Key Findings: Impacts of COVID-19 on Early Hearing Detection and Intervention
A data perspective article from CDC and partner organizations is available in the Journal of Early Hearing Detection and Intervention. In 2020, reductions were seen in follow-up diagnosis and access to services among infants who failed their newborn hearing screening.
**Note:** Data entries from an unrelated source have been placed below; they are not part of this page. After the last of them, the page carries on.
(* $\mathfrak{b}\leq\mathfrak{a}(conv)$.
   Context: $conv$ is the ideal on $\mathbb{Q}\cap[0,1]$ generated by (the ranges of) sequences in $\mathbb{Q}\cap[0,1]$ which converge in $[0,1]$, i.e. $A\in conv$ iff $A$ is covered by finitely many convergent sequences (together with a finite set). For an ideal $\mathcal{J}$ on a countable set, $\mathfrak{a}(\mathcal{J})$ is the smallest size of an uncountable family $\mathcal{A}$ of $\mathcal{J}$-positive sets (sets not in $\mathcal{J}$) which is maximal with respect to the property that $A\cap B\in\mathcal{J}$ for all distinct $A,B\in\mathcal{A}$. $\mathfrak{b}$ is the bounding number. *)

From HB Require Import structures.
From mathcomp Require Import all_boot all_order all_algebra.
From mathcomp Require Import all_classical all_reals all_analysis.
From mathcomp Require Import Rstruct Rstruct_topology.
Set Implicit Arguments. Unset Strict Implicit. Unset Printing Implicit Defensive.
Import Order.TTheory GRing.Theory Num.Theory.
Local Open Scope classical_set_scope.
Local Open Scope ring_scope.

Definition QI : set rat := [set q | (0 <= q) && (q <= 1)].

(* A sequence in Q ∩ [0,1] which converges (in the reals) to a point;
   the limit lies in [0,1] automatically since [0,1] is closed, but we
   require it explicitly. *)
Definition conv_seq (s : nat -> rat) : Prop :=
  (forall n, QI (s n)) /\
  exists x : Rdefinitions.R, 0 <= x <= 1 /\ ((fun n => (ratr (s n) : Rdefinitions.R)) @ \oo --> x).

Definition conv (A : set rat) : Prop :=
  A `<=` QI /\
  exists (F : set rat) (ss : seq (nat -> rat)),
    finite_set F /\ (forall s, s \in ss -> conv_seq s) /\
    A `<=` F `|` [set q | exists2 s, s \in ss & exists n, s n = q].

Definition conv_pos (A : set rat) : Prop := A `<=` QI /\ ~ conv A.

Definition conv_MAD (Af : set (set rat)) : Prop :=
  (forall A, Af A -> conv_pos A) /\
  (forall A B, Af A -> Af B -> A <> B -> conv (A `&` B)) /\
  (forall B, conv_pos B -> ~ Af B -> exists2 A, Af A & ~ conv (A `&` B)).

Definition unbounded (F : set (nat -> nat)) : Prop :=
  ~ exists g : nat -> nat, forall f, F f -> exists N, forall n, (N <= n)%N -> (f n <= g n)%N.

(* A set X ⊆ Q∩[0,1] is in conv iff it has finitely many accumulation points
   in R: a convergent sequence accumulates only at its limit; conversely X is
   covered by its points far from all accumulation points (finitely many, by
   Bolzano-Weierstrass) and, for each accumulation point y, one sequence
   converging to y through the points of X that are nearest to y.

   An uncountable MAD family Af contains distinct A_0, A_1, ...; each A_n has
   infinitely many accumulation points x_{n,j}, approached by columns
   (p_{n,j,k})_k inside A_n. For A in Af and large n, A ∩ A_n is in conv, so A
   meets only finitely many columns of A_n infinitely often, and every other
   column only finitely often; diag_bound A collects these bounds. If one g
   dominated every diag_bound A, the set B of the p_{n,j,k} with
   g(n) < j <= g(n) + n and k > g(max n j) would have infinitely many
   accumulation points, yet each A ∩ B would lie in finitely many columns,
   contradicting maximality. *)

From Pilot Require Import Defs.
From HB Require Import structures.
From mathcomp Require Import all_boot all_order all_algebra.
From mathcomp Require Import all_classical all_reals all_analysis.
From mathcomp Require Import Rstruct Rstruct_topology.
Unset Printing Implicit Defensive.
Import Order.TTheory GRing.Theory Num.Theory numFieldNormedType.Exports.
Local Open Scope classical_set_scope.
Local Open Scope ring_scope.

Lemma limit_point_subset {T : topologicalType} {A B : set T} :
  A `<=` B -> limit_point A `<=` limit_point B.
Proof. by move=> AB a Aa U /Aa [y [ya /AB By Uy]]; exists y. Qed.

Lemma limit_pointU {T : topologicalType} {A B : set T} {a : T} :
  limit_point (A `|` B) a -> limit_point A a \/ limit_point B a.
Proof.
move=> ABa; apply: contrapT => /not_orP[]; rewrite !not_limit_pointE.
move=> [U aU AU] [V aV BV]; have [y [/eqP ya [Ay|By] [Uy Vy]]] := ABa _ (filterI aU aV).
- exact/ya/AU.
- exact/ya/BV.
Qed.

Lemma finite_set_limit_point {R : archiRealFieldType} {A : set R} {a : R} :
  finite_set A -> ~ limit_point A a.
Proof. by move=> finA /limit_point_infinite_setP /(_ _ filterT); rewrite setTI. Qed.

Lemma limit_point_bigcup {R : archiRealFieldType} {I : eqType} {l : seq I}
    {E : I -> set R} {a : R} :
  limit_point (\bigcup_(i in [set` l]) E i) a -> exists2 i, i \in l & limit_point (E i) a.
Proof.
elim: l => [|i l IH] El.
  have : limit_point set0 a by apply: limit_point_subset El => y [].
  by move/(finite_set_limit_point (finite_set0 _)).
have /limit_pointU[Ei|/IH[j jl Ej]] : limit_point (E i `|` \bigcup_(j in [set` l]) E j) a.
  apply: limit_point_subset El => y [j /=].
  by rewrite in_cons => /orP[/eqP->|jl] Ejy; [left | right; exists j].
- by exists i; first exact: mem_head.
- by exists j; rewrite // in_cons jl orbT.
Qed.

Lemma limit_point_range_cvg {R : realType} {u : R^nat} {z a : R} :
  u @ \oo --> z -> limit_point (range u) a -> a = z.
Proof.
move=> uz /limit_point_cluster_eventually/(cvg_cluster uz).
by rewrite -closeEnbhs => /(close_eq (@Rhausdorff R)).
Qed.

Local Notation R := Rdefinitions.R.

Definition q2R (q : rat) : R := ratr q.

Definition acc (X : set rat) : set R := limit_point (q2R @` X).

Lemma acc_subset {X Y : set rat} : X `<=` Y -> acc X `<=` acc Y.
Proof. by move=> XY; apply/limit_point_subset/image_subset. Qed.

Lemma q2R_in01 q : QI q -> q2R q \in `[0, 1].
Proof.
move=> /andP[q0 q1]; rewrite in_itv /= ler0q q0 /=.
by rewrite -(rmorph1 (ratr : rat -> R)) ler_rat.
Qed.

Lemma acc_in01 {X : set rat} {y : R} : X `<=` QI -> acc X y -> 0 <= y <= 1.
Proof.
move=> XQ /subset_limit_point Xy.
suff : y \in `[0, 1] by rewrite in_itv.
apply: (interval_closed (a := BLeft 0) (b := BRight 1)) => //.
by apply: closureS Xy => _ [q /XQ /q2R_in01 q01 <-].
Qed.

Definition frequently_in {T} (A : set T) (s : nat -> T) :=
  forall i, exists2 k, (i <= k)%N & A (s k).

Lemma not_frequently_in_bounded {T} {A : set T} {s : nat -> T} :
  ~ frequently_in A s -> exists b, forall k, A (s k) -> (k <= b)%N.
Proof.
move=> /existsNP[i Ni]; exists i => k Ak; rewrite leqNgt; apply/negP => ik.
by apply: Ni; exists k; first exact: ltnW.
Qed.

Lemma acc_frequently {A : set rat} {s : nat -> rat} {y : R} :
  q2R \o s @ \oo --> y -> (forall k, q2R (s k) != y) -> frequently_in A s ->
  acc A y.
Proof.
move=> sy sNy As U /sy[N _ NU]; have [k Nk Ak] := As N.
by exists (q2R (s k)); split; [exact: sNy | exists (s k) | exact: NU].
Qed.

Lemma acc_cvg_seq {X : set rat} {y : R} : acc X y -> exists s : nat -> rat,
  [/\ forall k, X (s k), forall k, q2R (s k) != y & q2R \o s @ \oo --> y].
Proof.
move=> /limit_pointP[r [rX rNy ry]].
have /choice[s sP] : forall k, exists q, X q /\ q2R q = r k.
  by move=> k; have [q Xq qr] := rX _ (imageT r k); exists q.
exists s; split.
- by move=> k; case: (sP k).
- by move=> k; case: (sP k) => _ ->.
- by rewrite (_ : q2R \o s = r) //; apply: funext => k; case: (sP k).
Qed.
The article discusses factors that likely impacted follow-up diagnosis and intervention services among these infants.
Recommended Early Hearing Detection and Intervention (EHDI) benchmarks include screening for hearing loss before 1 month of age, diagnostic evaluation before 3 months of age, and enrollment in early intervention before 6 months of age, also known as the 1-3-6 benchmarks.
Each year, CDC reports progress in meeting the national benchmarks through the Hearing Screening and Follow-up Survey (HSFS). Recently reported 2020 HSFS data highlight the potential impacts of the COVID-19 pandemic on the EHDI process:
- Hearing screening remained the same. The screening rate (95%) remained high in 2020, suggesting that newborn screening programs continued to be a standard of newborn care even during a pandemic.
- Diagnostic evaluation decreased. A little over one third (36.4%) of infants who failed their final hearing screens completed a diagnostic evaluation before 3 months of age. This is a noticeable decrease from previous years, when nearly half (2018: 49.5% and 2019: 49.1%) met this benchmark.
- Early intervention decreased. Enrollment into intervention services for infants with diagnosed hearing loss before the benchmark of 6 months of age declined from 46.7% in 2018 to 44.5% in 2020.
- Loss to follow-up and loss to documentation increased. The loss to follow-up/loss to documentation rate into intervention among infants diagnosed with permanent hearing loss increased from 17.7% (2018) to 19.5% (2020). This difference represents 116 infants with permanent hearing loss not receiving, or not documented to be enrolled in, intervention services.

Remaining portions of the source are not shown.